Assigned task: Using the listing below, set down each line from the line containing "compDr : forall" through the line containing "zobj_term : forall", both ends included, exactly and with nothing added.

◆ ◆ ◆

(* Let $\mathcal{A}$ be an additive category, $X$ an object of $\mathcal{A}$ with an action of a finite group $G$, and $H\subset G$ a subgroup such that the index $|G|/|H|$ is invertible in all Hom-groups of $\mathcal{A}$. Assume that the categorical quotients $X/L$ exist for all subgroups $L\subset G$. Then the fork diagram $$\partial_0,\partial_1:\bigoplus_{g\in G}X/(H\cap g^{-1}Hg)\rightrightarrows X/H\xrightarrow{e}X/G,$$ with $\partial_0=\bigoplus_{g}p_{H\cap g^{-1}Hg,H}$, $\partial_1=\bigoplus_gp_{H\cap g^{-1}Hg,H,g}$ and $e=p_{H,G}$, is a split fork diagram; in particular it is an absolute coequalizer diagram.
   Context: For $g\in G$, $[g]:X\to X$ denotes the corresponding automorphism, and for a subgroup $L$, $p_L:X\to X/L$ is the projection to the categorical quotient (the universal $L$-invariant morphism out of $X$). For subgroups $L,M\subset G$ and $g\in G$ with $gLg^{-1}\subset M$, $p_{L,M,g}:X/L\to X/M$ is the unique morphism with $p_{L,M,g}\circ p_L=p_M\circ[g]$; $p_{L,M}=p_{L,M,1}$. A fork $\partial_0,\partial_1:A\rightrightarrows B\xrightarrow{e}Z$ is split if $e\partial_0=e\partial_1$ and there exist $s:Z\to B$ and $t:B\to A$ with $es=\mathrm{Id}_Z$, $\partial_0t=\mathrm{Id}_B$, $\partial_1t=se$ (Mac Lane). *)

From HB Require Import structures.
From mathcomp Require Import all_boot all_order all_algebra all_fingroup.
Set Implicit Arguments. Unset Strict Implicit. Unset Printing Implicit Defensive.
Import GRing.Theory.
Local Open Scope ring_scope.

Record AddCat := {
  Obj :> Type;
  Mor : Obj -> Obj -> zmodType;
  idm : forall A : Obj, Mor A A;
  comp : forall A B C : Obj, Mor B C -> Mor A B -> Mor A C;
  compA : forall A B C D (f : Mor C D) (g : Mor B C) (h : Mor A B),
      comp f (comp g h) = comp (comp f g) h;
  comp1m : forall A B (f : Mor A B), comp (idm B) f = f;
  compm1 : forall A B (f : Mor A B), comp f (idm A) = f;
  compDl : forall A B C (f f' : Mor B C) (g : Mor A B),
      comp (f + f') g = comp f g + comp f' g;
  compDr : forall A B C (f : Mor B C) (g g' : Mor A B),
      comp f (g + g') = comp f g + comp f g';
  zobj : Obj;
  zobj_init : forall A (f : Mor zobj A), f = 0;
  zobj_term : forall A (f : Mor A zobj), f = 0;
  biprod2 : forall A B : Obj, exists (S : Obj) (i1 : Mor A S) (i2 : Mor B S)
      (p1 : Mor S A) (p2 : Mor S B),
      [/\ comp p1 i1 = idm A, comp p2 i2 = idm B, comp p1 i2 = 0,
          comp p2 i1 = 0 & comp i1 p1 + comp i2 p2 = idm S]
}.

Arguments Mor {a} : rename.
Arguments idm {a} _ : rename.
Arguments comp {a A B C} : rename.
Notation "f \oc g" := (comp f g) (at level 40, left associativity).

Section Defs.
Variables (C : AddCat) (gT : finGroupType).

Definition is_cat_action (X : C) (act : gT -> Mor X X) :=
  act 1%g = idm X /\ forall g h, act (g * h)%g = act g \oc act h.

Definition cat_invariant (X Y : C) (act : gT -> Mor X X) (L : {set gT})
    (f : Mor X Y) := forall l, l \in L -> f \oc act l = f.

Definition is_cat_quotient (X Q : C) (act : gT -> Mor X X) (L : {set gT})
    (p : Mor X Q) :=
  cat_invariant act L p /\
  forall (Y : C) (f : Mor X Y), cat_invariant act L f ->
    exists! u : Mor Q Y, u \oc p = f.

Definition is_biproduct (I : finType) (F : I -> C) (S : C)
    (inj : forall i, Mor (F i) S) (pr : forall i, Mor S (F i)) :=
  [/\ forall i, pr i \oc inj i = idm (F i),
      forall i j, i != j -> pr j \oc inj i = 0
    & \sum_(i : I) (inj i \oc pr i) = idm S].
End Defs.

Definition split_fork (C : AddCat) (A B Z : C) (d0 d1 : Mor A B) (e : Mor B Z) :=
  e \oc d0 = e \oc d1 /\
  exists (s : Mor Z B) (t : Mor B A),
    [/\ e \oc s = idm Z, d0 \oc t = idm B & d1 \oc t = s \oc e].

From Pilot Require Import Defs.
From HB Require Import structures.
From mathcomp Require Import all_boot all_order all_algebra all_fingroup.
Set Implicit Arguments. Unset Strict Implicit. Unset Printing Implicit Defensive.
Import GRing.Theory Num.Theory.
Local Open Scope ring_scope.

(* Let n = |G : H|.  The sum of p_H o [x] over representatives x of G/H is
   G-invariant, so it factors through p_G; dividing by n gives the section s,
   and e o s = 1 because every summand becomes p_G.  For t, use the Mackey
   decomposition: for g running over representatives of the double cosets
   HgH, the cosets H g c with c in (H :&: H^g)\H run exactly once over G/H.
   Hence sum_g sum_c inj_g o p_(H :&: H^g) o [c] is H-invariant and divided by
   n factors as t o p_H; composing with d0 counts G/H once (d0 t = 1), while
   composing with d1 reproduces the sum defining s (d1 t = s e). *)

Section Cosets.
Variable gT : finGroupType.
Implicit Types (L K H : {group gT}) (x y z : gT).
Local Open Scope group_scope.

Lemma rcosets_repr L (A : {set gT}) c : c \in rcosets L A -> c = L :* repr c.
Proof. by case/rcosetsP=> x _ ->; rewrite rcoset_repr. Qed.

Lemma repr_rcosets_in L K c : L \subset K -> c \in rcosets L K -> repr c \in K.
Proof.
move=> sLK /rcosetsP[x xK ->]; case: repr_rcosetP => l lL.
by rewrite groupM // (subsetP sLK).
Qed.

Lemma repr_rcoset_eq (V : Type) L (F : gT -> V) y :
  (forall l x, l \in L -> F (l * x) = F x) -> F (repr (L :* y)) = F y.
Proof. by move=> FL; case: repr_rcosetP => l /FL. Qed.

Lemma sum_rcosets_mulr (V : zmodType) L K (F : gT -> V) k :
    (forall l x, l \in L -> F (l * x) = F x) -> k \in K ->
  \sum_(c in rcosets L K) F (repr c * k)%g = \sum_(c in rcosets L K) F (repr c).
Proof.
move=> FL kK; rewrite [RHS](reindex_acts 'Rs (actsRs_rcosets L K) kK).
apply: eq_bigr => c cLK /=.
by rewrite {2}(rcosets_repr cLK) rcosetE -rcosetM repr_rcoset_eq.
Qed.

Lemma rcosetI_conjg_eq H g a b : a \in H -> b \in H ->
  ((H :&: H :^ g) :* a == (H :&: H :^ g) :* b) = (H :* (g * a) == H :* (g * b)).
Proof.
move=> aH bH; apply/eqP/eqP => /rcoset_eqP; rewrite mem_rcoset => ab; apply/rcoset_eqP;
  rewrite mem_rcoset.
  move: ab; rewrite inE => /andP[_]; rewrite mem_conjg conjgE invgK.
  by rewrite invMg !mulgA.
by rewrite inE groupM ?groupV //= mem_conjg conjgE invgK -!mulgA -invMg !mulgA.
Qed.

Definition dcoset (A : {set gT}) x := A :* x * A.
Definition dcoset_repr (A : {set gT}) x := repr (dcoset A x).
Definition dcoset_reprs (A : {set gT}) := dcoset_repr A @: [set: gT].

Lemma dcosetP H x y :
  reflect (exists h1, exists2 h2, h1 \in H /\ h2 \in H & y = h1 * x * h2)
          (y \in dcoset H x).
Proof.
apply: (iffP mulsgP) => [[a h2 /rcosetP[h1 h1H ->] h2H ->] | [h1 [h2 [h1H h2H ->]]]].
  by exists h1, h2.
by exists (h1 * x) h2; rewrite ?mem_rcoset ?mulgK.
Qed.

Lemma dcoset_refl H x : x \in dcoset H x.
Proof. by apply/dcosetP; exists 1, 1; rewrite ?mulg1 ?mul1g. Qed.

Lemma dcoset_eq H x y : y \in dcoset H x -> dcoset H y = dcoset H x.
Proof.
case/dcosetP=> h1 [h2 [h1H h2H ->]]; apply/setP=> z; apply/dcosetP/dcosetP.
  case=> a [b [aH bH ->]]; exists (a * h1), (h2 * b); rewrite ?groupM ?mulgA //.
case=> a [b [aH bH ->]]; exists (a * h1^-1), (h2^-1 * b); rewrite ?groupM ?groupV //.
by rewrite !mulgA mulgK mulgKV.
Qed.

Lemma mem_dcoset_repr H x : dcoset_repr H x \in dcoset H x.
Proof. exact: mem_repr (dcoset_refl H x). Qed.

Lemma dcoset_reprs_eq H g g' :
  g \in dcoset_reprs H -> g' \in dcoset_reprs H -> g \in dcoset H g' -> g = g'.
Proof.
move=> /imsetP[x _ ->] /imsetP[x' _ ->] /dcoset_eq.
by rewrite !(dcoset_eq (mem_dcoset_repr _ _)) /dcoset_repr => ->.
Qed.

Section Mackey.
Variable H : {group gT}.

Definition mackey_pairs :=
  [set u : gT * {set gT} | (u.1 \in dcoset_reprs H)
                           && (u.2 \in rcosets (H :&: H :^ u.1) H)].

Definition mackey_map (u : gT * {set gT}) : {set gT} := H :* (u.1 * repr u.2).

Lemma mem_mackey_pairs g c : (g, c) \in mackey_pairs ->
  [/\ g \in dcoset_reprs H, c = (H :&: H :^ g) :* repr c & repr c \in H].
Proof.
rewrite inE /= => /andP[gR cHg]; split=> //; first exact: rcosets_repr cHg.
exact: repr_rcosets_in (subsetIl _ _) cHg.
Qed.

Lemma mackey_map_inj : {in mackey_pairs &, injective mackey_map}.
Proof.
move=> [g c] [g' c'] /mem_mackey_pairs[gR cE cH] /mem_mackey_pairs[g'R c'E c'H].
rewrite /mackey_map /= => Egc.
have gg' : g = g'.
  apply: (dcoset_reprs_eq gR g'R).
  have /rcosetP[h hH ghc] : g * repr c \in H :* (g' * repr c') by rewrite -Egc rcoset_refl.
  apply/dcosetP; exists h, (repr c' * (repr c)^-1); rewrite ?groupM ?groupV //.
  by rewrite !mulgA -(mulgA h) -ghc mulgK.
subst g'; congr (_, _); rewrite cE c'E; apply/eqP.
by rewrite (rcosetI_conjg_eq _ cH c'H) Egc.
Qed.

◆ ◆ ◆

Response for this exercise:
  compDr : forall A B C (f : Mor B C) (g g' : Mor A B),
      comp f (g + g') = comp f g + comp f g';
  zobj : Obj;
  zobj_init : forall A (f : Mor zobj A), f = 0;
  zobj_term : forall A (f : Mor A zobj), f = 0;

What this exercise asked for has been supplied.